Exercise objective
From the data underneath, reproduce exactly the stretch that begins at the line with "have C_cap : (<[Cmx" and ends after the line with "have := dim_span X; have := dim_span Z.".

Saved data entries
--- START ---
(* Let $m,n$ be positive integers. The set $\{B_{i,j}: i\in[m], j\in[n-1]\}\cup\{C_n\}$ is a basis for the set $\Gamma_{m,n}$ of $m\times n$ stochastic matrices, i.e., it consists of $m(n-1)+1$ linearly independent stochastic matrices whose linear span contains $\Gamma_{m,n}$.
   Context: A real $m\times n$ matrix is stochastic if its entries are nonnegative and each row sums to $1$; $\Gamma_{m,n}$ is the set of such matrices (an affine set of dimension $m(n-1)$). For $i\in[m]$, $j\in[n-1]$, $B_{i,j}$ is the $m\times n$ $(0,1)$-matrix whose $(i,j)$ entry is $1$, whose $(j+1)$-th column has all entries $1$ except the $(i,j+1)$ entry which is $0$, and all of whose other entries are $0$. $C_n$ is the $m\times n$ $(0,1)$-matrix whose $n$-th column is all $1$'s and other entries $0$. *)

From HB Require Import structures.
From mathcomp Require Import all_boot all_order all_algebra.
Set Implicit Arguments. Unset Strict Implicit. Unset Printing Implicit Defensive.
Import Order.TTheory GRing.Theory Num.Theory.
Local Open Scope ring_scope.

(* Rows/columns are 0-indexed: row i : 'I_m stands for i+1 in [m],
   j : 'I_(n.-1) stands for j+1 in [n-1]; column (j+1) of the paper is
   0-indexed column j.+1, column n is 0-indexed column n.-1. *)

Definition stochastic (R : numDomainType) (m n : nat) (A : 'M[R]_(m, n)) : Prop :=
  (forall i j, 0 <= A i j) /\ (forall i, \sum_(j < n) A i j = 1).

Definition Bmx (R : nzRingType) (m n : nat) (i : 'I_m) (j : 'I_(n.-1)) : 'M[R]_(m, n) :=
  \matrix_(k < m, l < n)
    (if (l == j :> nat) && (k == i) then 1
     else if (l == j.+1 :> nat) && (k != i) then 1 else 0).

Definition Cmx (R : nzRingType) (m n : nat) : 'M[R]_(m, n) :=
  \matrix_(k < m, l < n) (if (l == n.-1 :> nat) then 1 else 0).

Definition stoch_family (R : nzRingType) (m n : nat) : seq 'M[R]_(m, n) :=
  [seq Bmx R i j | i <- enum 'I_m, j <- enum 'I_(n.-1)] ++ [:: Cmx R m n].

(* Every B_{i,j} and C_n has exactly one 1 in each row, hence is stochastic.
   With E_{i,j} the matrix units, B_{i,j} = E_{i,j} - E_{i,j+1} + (column j+1
   of ones), so summing over i and descending from C_n puts every all-ones
   column in the span, then every difference E_{i,j} - E_{i,j+1}, hence every
   E_{i,l} - E_{i,n}.  A matrix whose rows all sum to s is s C_n plus a
   combination of these differences.  Freeness is a dimension count: the family
   together with the m matrices E_{i,n} spans all m x n matrices, and the two
   spans meet in C_n != 0, so dim span(family) >= mn - m + 1 = m(n-1) + 1,
   its size. *)
From mathcomp Require Import all_boot all_order all_algebra.
From mathcomp Require Import zify.
Import GRing.Theory Num.Theory.
Local Open Scope ring_scope.

(* Column indices are nats, so that the column j+1 of B_{i,j} needs no
   ordinal arithmetic; an index >= n selects no column. *)
Section Patterns.
Variables (R : nzRingType) (m n : nat).

Definition onehot_mx (c : 'I_m -> nat) : 'M[R]_(m, n) :=
  \matrix_(k < m, l < n) (l == c k :> nat)%:R.

Definition ones_col (c : nat) : 'M[R]_(m, n) := onehot_mx (fun=> c).

Definition delta_mxn (i : 'I_m) (c : nat) : 'M[R]_(m, n) :=
  \matrix_(k < m, l < n) ((k == i) && (l == c :> nat))%:R.

Lemma delta_mxnE (i : 'I_m) (l : 'I_n) : delta_mx i l = delta_mxn i l.
Proof. by apply/matrixP => k l'; rewrite !mxE. Qed.

Lemma sum_delta_mxn (c : nat) : \sum_(i < m) delta_mxn i c = ones_col c.
Proof.
apply/matrixP => k l; rewrite summxE !mxE (bigD1 k) //= mxE eqxx big1 ?addr0 //.
by move=> i /negbTE; rewrite mxE eq_sym => ->.
Qed.

End Patterns.

Arguments ones_col {R m n}.
Arguments delta_mxn {R m n}.

Lemma onehot_mx_stochastic (R : numDomainType) m n (c : 'I_m -> nat) :
  (forall k, c k < n)%N -> stochastic (onehot_mx R m n c).
Proof.
move=> lt_cn; split=> [k l | k]; first by rewrite mxE ler0n.
under eq_bigr do rewrite mxE.
rewrite (bigD1 (Ordinal (lt_cn k))) //= eqxx big1 ?addr0 // => l.
by rewrite -val_eqE /= => /negbTE ->.
Qed.

Lemma Bmx_onehot (R : nzRingType) m n (i : 'I_m) (j : 'I_n.-1) :
  Bmx R i j = onehot_mx R m n (fun k => if k == i then j : nat else j.+1).
Proof.
apply/matrixP => k l; rewrite !mxE.
by case: (k == i); rewrite ?andbT ?andbF /=; case: (_ == _).
Qed.

Lemma Cmx_ones_col (R : nzRingType) m n : Cmx R m n = ones_col n.-1.
Proof. by apply/matrixP => k l; rewrite !mxE; case: (_ == _). Qed.

Lemma Bmx_delta_mxn (R : nzRingType) m n (i : 'I_m) (j : 'I_n.-1) :
  Bmx R i j = delta_mxn i j - delta_mxn i j.+1 + ones_col j.+1.
Proof.
rewrite Bmx_onehot; apply/matrixP => k l; rewrite !mxE.
by case: (k == i) => /=; rewrite ?subrK // subrr add0r.
Qed.

Lemma size_stoch_family (R : nzRingType) m n :
  size (stoch_family R m n) = (m * n.-1).+1.
Proof. by rewrite size_cat size_allpairs !size_enum_ord addn1. Qed.

Lemma stoch_family_stochastic (R : numDomainType) m n A :
  A \in stoch_family R m n.+1 -> stochastic A.
Proof.
rewrite mem_cat mem_seq1 => /orP[/allpairsP[[i j] [_ _ ->]] | /eqP->].
  rewrite Bmx_onehot; apply: onehot_mx_stochastic => k.
  by case: (k == i); [apply: leqW | ]; apply: ltn_ord j.
by rewrite Cmx_ones_col; apply: onehot_mx_stochastic.
Qed.

Section Span.
Variables (R : fieldType) (m n : nat).

Local Notation X := (stoch_family R m n.+1).
Local Notation col c := (@ones_col R m n.+1 c).
Local Notation E := (@delta_mxn R m n.+1).
Local Notation B := (@Bmx R m n.+1).

Lemma Bmx_in_span (i : 'I_m) (j : 'I_n) : B i j \in <<X>>%VS.
Proof. by apply: memv_span; rewrite mem_cat allpairs_f ?mem_enum. Qed.

Lemma Cmx_in_span : Cmx R m n.+1 \in <<X>>%VS.
Proof. by apply: memv_span; rewrite mem_cat mem_seq1 eqxx orbT. Qed.

Lemma ones_col_in_span c : (c <= n)%N -> col c \in <<X>>%VS.
Proof.
move=> le_cn; rewrite -(subKn le_cn).
elim: (n - c)%N (leq_subr c n) => [_ | d IH lt_dn].
  by rewrite subn0 -Cmx_ones_col Cmx_in_span.
have lt_n : (n - d.+1 < n)%N by lia.
have sum_Bmx : \sum_(i < m) B i (Ordinal lt_n) =
    col (n - d.+1) - col (n - d) + col (n - d) *+ m.
  under eq_bigr do rewrite Bmx_delta_mxn.
  by rewrite /= subnSK // big_split sumrB /= !sum_delta_mxn sumr_const card_ord.
have -> : col (n - d.+1) = \sum_(i < m) B i (Ordinal lt_n)
                           - col (n - d) *+ m + col (n - d).
  by rewrite sum_Bmx addrK subrK.
have col_in := IH (ltnW lt_dn).
by rewrite memvD // memvB ?rpredMn //; apply: memv_suml => i _; apply: Bmx_in_span.
Qed.

Lemma delta_mxnB_in_span i c : (c <= n)%N -> E i c - E i n \in <<X>>%VS.
Proof.
move=> le_cn; rewrite -opprB -(telescope_sumr _ le_cn) -sumrN big_seq.
apply: memv_suml => k; rewrite mem_index_iota => /andP[_ lt_kn].
have -> : - (E i k.+1 - E i k) = B i (Ordinal lt_kn) - col k.+1.
  by rewrite opprB Bmx_delta_mxn addrK.
by rewrite memvB ?Bmx_in_span ?ones_col_in_span.
Qed.

Lemma const_rowsum_in_span (A : 'M[R]_(m, n.+1)) s :
  (forall i, \sum_(l < n.+1) A i l = s) -> A \in <<X>>%VS.
Proof.
move=> rowsum.
have -> : A = \sum_(i < m) \sum_(l < n.+1) A i l *: (E i l - E i n)
              + s *: Cmx R m n.+1.
  rewrite {1}(matrix_sum_delta A) Cmx_ones_col -sum_delta_mxn scaler_sumr.
  rewrite -big_split /=; apply: eq_bigr => i _.
  under [X in _ = X + _]eq_bigr do rewrite scalerBr.
  rewrite sumrB -scaler_suml rowsum subrK.
  by apply: eq_bigr => l _; rewrite delta_mxnE.
rewrite memvD ?memvZ ?Cmx_in_span //.
by do 2!apply: memv_suml => ? _; rewrite memvZ // delta_mxnB_in_span // -ltnS.
Qed.

Lemma stoch_family_free : (0 < m)%N -> free X.
Proof.
move=> m_gt0; set Z := [seq E i n | i <- enum 'I_m].
have E_in_Z i : E i n \in <<Z>>%VS by apply/memv_span/map_f; rewrite mem_enum.
have span_XZ : (<<X>> + <<Z>>)%VS = fullv.
  apply/eqP; rewrite eqEsubv subvf; apply/subvP => A _.
  rewrite (matrix_sum_delta A); apply: memv_suml => i _.
  apply: memv_suml => l _; apply: memvZ.
  rewrite delta_mxnE -(subrK (E i n) (E i l)).
  by rewrite memv_add ?delta_mxnB_in_span // -ltnS.
have C_in_Z : Cmx R m n.+1 \in <<Z>>%VS.
  by rewrite Cmx_ones_col -sum_delta_mxn; apply: memv_suml => i _.
have C_neq0 : Cmx R m n.+1 != 0.
  apply/eqP => /matrixP/(_ (Ordinal m_gt0) ord_max)/eqP.
  by rewrite !mxE eqxx oner_eq0.
have dim_cap : (0 < \dim (<<X>> :&: <<Z>>))%N.
  have C_cap : (<[Cmx R m n.+1]> <= <<X>> :&: <<Z>>)%VS.
    by rewrite -memvE memv_cap Cmx_in_span C_in_Z.
  by apply: leq_trans (dimvS C_cap); rewrite dim_vline C_neq0.
have := dimv_sum_cap <<X>> <<Z>>; rewrite span_XZ dimvf dim_matrix.
have := dim_span X; have := dim_span Z.
rewrite /free size_stoch_family size_map size_enum_ord /= => dimZ dimX dim_sum.
by apply/eqP; nia.
Qed.

End Span.

Theorem mainTheorem8 (R : realFieldType) (m n : nat) (hm : (0 < m)%N) (hn : (0 < n)%N) :
  size (stoch_family R m n) = (m * n.-1).+1 /\
  (forall A, A \in stoch_family R m n -> stochastic A) /\
  free (stoch_family R m n) /\
  (forall A : 'M[R]_(m, n), stochastic A -> A \in <<stoch_family R m n>>%VS).
Proof.
case: n hn => // n _.
split; first exact: size_stoch_family.
split; first exact: stoch_family_stochastic.
split; first exact: stoch_family_free.
by move=> A [_ rowsum]; apply: const_rowsum_in_span rowsum.
Qed.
--- END ---
Finished exercise
  have C_cap : (<[Cmx R m n.+1]> <= <<X>> :&: <<Z>>)%VS.
    by rewrite -memvE memv_cap Cmx_in_span C_in_Z.
  by apply: leq_trans (dimvS C_cap); rewrite dim_vline C_neq0.
have := dimv_sum_cap <<X>> <<Z>>; rewrite span_XZ dimvf dim_matrix.
have := dim_span X; have := dim_span Z.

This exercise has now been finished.